Description of the task: Among the lines below, keep only those from the one containing "propagates forward along" through the one containing "the gadgets are", and reproduce them exactly.
++++++++++++++++++++
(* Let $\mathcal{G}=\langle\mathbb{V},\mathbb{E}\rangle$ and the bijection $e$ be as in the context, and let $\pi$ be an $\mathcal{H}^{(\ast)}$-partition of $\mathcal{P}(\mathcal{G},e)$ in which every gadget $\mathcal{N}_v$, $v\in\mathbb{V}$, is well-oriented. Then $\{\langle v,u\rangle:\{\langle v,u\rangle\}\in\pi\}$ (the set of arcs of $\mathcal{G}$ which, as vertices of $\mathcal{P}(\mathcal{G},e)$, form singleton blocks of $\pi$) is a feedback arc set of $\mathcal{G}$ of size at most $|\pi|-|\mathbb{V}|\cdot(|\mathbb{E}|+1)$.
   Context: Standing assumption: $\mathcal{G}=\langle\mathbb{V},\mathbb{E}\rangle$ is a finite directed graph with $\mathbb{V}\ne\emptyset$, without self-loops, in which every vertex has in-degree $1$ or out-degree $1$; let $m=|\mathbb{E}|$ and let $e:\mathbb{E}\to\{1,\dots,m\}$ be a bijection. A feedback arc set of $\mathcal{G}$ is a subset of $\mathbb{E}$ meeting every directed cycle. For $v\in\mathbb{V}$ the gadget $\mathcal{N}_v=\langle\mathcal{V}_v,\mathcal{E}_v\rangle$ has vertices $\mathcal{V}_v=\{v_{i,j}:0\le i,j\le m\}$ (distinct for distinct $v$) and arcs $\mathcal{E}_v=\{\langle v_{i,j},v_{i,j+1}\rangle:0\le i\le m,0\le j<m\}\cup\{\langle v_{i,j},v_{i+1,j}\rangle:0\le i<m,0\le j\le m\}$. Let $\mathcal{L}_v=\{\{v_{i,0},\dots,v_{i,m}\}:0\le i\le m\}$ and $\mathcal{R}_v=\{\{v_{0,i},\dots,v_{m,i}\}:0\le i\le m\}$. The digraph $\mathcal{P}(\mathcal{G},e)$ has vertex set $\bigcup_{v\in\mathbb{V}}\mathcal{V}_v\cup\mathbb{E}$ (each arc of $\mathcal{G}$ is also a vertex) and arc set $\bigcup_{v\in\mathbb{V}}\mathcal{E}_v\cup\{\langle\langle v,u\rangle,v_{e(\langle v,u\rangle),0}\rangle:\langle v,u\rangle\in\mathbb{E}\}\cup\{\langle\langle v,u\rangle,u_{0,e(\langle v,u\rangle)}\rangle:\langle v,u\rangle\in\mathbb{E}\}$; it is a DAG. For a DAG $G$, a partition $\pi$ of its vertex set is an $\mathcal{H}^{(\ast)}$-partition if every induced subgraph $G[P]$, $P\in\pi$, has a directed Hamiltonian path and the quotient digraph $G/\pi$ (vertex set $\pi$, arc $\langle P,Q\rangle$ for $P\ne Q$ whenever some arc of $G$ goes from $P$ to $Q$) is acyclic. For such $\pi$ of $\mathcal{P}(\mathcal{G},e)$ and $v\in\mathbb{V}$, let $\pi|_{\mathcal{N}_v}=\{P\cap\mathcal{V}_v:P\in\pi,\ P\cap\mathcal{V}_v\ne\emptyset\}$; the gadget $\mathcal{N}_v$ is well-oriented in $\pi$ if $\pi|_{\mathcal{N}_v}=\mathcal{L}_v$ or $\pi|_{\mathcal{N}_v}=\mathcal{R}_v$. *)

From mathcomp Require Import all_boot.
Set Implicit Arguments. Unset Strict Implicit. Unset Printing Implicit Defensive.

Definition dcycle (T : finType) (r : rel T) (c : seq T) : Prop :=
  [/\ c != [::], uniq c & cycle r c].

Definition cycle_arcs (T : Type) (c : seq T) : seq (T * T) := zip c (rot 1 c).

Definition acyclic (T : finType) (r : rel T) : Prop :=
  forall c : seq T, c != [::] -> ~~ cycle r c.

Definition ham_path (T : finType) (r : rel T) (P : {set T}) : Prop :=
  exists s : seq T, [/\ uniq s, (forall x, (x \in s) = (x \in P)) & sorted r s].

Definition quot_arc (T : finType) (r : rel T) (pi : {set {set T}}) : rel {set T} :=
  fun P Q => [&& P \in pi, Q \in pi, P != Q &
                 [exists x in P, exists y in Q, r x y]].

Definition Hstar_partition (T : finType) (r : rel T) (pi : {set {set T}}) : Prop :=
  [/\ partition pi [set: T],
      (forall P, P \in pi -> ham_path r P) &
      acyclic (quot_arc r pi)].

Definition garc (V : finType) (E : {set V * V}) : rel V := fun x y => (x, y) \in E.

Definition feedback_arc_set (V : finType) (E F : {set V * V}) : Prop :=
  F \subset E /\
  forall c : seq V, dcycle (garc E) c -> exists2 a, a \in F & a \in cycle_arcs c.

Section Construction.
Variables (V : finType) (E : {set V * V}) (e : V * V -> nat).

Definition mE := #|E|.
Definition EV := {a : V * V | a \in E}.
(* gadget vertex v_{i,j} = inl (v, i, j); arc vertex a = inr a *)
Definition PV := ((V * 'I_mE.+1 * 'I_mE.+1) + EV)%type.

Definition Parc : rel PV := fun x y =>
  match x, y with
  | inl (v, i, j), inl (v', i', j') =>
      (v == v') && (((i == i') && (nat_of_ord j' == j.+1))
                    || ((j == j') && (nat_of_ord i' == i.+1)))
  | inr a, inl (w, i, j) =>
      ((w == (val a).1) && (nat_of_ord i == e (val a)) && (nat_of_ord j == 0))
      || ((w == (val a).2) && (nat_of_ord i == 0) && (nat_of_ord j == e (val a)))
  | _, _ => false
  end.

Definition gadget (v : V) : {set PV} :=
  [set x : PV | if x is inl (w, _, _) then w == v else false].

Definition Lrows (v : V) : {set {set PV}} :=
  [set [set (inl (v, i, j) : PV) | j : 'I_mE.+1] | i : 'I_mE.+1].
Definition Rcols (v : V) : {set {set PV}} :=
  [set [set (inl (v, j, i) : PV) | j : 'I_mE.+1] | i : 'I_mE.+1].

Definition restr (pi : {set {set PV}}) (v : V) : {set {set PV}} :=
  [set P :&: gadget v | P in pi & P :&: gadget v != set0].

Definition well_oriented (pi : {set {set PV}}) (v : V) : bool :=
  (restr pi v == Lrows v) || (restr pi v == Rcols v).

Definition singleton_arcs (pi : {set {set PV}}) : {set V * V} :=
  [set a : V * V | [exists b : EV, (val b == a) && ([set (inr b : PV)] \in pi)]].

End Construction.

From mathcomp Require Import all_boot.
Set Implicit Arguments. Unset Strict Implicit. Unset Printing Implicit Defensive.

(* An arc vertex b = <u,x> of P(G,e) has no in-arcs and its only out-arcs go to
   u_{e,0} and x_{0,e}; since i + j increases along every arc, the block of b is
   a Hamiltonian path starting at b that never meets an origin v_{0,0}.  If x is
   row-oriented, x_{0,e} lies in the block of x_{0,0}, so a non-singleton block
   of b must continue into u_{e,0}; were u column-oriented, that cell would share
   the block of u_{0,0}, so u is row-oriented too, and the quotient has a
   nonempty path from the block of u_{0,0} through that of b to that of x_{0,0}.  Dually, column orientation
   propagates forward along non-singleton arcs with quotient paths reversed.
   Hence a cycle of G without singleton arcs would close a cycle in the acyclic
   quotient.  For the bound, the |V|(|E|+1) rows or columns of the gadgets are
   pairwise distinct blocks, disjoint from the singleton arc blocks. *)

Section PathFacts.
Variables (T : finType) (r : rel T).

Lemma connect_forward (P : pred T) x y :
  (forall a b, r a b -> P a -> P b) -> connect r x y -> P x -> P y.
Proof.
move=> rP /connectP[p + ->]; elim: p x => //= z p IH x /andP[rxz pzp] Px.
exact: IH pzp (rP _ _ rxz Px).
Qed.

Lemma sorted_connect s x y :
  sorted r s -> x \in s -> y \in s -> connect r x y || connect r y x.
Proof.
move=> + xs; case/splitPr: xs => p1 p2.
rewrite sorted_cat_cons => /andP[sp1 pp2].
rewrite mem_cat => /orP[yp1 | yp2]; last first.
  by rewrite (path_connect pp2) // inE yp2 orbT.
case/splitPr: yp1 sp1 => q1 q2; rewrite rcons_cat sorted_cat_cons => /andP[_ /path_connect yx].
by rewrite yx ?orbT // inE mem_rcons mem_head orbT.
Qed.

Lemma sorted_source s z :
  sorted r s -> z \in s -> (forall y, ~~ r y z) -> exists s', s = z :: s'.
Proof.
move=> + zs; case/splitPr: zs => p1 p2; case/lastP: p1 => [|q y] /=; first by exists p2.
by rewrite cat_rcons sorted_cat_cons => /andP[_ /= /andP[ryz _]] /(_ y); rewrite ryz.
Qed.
++++++++++++++++++++
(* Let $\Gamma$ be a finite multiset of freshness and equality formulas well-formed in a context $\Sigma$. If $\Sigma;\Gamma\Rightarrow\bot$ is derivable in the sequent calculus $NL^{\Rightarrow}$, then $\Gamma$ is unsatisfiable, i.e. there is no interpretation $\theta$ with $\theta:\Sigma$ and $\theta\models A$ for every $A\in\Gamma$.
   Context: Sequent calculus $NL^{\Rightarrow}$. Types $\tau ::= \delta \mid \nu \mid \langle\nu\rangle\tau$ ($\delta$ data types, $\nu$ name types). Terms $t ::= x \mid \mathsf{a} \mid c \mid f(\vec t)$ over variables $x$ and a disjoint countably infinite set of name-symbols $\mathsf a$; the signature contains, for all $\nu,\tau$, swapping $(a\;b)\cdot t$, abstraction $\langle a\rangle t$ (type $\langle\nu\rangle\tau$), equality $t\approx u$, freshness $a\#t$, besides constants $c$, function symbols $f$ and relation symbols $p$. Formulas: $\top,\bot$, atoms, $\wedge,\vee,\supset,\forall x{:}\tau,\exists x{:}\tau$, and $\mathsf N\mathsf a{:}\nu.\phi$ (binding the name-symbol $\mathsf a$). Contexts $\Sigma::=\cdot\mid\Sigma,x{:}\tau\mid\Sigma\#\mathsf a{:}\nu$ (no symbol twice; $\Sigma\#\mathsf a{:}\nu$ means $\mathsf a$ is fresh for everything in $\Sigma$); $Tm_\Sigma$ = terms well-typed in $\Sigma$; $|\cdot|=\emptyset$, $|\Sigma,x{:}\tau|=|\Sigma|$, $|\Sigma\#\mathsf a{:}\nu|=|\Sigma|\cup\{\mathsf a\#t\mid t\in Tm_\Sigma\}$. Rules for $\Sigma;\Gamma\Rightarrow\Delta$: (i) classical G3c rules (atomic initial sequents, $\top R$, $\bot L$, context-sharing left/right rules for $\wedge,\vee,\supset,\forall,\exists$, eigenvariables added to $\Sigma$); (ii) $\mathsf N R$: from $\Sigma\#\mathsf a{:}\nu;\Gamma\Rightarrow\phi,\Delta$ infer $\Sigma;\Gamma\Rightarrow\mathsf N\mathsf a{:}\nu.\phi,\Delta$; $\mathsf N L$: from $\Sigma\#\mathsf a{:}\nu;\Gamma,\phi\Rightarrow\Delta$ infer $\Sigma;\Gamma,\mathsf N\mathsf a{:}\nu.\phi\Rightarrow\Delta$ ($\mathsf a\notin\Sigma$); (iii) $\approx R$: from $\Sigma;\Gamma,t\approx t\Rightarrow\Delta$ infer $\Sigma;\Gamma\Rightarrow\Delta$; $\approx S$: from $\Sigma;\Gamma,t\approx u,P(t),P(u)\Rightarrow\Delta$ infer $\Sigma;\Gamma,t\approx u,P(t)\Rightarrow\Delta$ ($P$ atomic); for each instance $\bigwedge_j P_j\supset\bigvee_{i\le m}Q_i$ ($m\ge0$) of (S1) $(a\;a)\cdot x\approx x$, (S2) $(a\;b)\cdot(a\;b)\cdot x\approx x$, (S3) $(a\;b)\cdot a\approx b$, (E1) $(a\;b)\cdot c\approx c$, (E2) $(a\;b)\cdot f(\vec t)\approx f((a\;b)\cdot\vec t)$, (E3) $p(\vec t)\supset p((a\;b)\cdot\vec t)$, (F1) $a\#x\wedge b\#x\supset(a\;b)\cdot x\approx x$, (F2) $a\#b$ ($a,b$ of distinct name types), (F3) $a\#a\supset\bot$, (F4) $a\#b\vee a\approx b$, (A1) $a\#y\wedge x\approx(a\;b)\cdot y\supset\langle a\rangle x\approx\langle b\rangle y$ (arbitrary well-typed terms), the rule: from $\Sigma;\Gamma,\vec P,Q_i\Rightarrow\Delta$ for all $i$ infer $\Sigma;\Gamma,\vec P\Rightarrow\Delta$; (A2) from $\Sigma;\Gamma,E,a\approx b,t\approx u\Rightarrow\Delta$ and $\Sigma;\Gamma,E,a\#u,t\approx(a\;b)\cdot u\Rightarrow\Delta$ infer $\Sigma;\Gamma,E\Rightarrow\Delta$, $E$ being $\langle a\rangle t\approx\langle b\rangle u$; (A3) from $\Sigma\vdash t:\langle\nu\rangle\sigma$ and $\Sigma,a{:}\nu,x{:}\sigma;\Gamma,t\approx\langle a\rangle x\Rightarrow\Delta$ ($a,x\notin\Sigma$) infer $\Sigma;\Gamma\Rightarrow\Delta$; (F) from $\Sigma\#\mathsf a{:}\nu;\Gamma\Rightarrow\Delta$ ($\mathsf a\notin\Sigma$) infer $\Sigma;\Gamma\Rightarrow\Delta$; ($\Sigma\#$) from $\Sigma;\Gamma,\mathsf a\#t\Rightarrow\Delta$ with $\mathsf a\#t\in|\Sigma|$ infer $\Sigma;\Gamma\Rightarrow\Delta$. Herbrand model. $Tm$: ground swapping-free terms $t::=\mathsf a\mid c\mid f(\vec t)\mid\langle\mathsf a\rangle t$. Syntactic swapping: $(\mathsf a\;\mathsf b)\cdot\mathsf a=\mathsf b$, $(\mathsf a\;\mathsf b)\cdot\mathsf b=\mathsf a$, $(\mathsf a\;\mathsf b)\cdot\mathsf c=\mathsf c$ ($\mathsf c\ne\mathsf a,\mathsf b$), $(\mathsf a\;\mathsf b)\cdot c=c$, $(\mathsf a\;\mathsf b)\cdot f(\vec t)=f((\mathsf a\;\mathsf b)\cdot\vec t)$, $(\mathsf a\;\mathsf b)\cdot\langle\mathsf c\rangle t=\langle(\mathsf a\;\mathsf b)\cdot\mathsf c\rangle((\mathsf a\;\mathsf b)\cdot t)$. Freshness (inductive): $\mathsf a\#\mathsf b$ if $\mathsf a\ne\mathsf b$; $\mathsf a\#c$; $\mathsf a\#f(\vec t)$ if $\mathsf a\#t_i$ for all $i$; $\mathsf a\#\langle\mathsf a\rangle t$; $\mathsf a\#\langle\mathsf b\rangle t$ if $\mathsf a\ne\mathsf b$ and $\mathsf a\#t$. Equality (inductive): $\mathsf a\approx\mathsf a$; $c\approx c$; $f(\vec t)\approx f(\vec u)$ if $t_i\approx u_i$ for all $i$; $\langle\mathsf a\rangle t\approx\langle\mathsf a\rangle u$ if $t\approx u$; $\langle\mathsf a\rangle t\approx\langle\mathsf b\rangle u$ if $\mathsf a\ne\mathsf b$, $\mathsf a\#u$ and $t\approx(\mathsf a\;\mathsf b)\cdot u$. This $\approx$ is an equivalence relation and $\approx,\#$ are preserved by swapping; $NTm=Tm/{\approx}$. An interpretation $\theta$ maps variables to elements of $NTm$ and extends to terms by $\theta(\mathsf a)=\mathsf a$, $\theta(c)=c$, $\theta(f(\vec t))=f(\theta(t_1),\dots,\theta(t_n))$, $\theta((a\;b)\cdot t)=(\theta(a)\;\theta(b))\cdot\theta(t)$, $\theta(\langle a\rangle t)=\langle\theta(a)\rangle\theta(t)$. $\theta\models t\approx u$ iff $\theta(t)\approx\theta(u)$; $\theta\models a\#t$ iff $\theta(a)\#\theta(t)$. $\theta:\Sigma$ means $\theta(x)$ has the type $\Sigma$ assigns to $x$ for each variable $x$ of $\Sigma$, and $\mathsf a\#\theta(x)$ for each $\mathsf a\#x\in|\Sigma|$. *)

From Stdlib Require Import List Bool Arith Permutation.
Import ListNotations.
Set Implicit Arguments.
++++++++++++++++++++
Response to this exercise:
   propagates forward along non-singleton arcs with quotient paths reversed.
   Hence a cycle of G without singleton arcs would close a cycle in the acyclic
   quotient.  For the bound, the |V|(|E|+1) rows or columns of the gadgets are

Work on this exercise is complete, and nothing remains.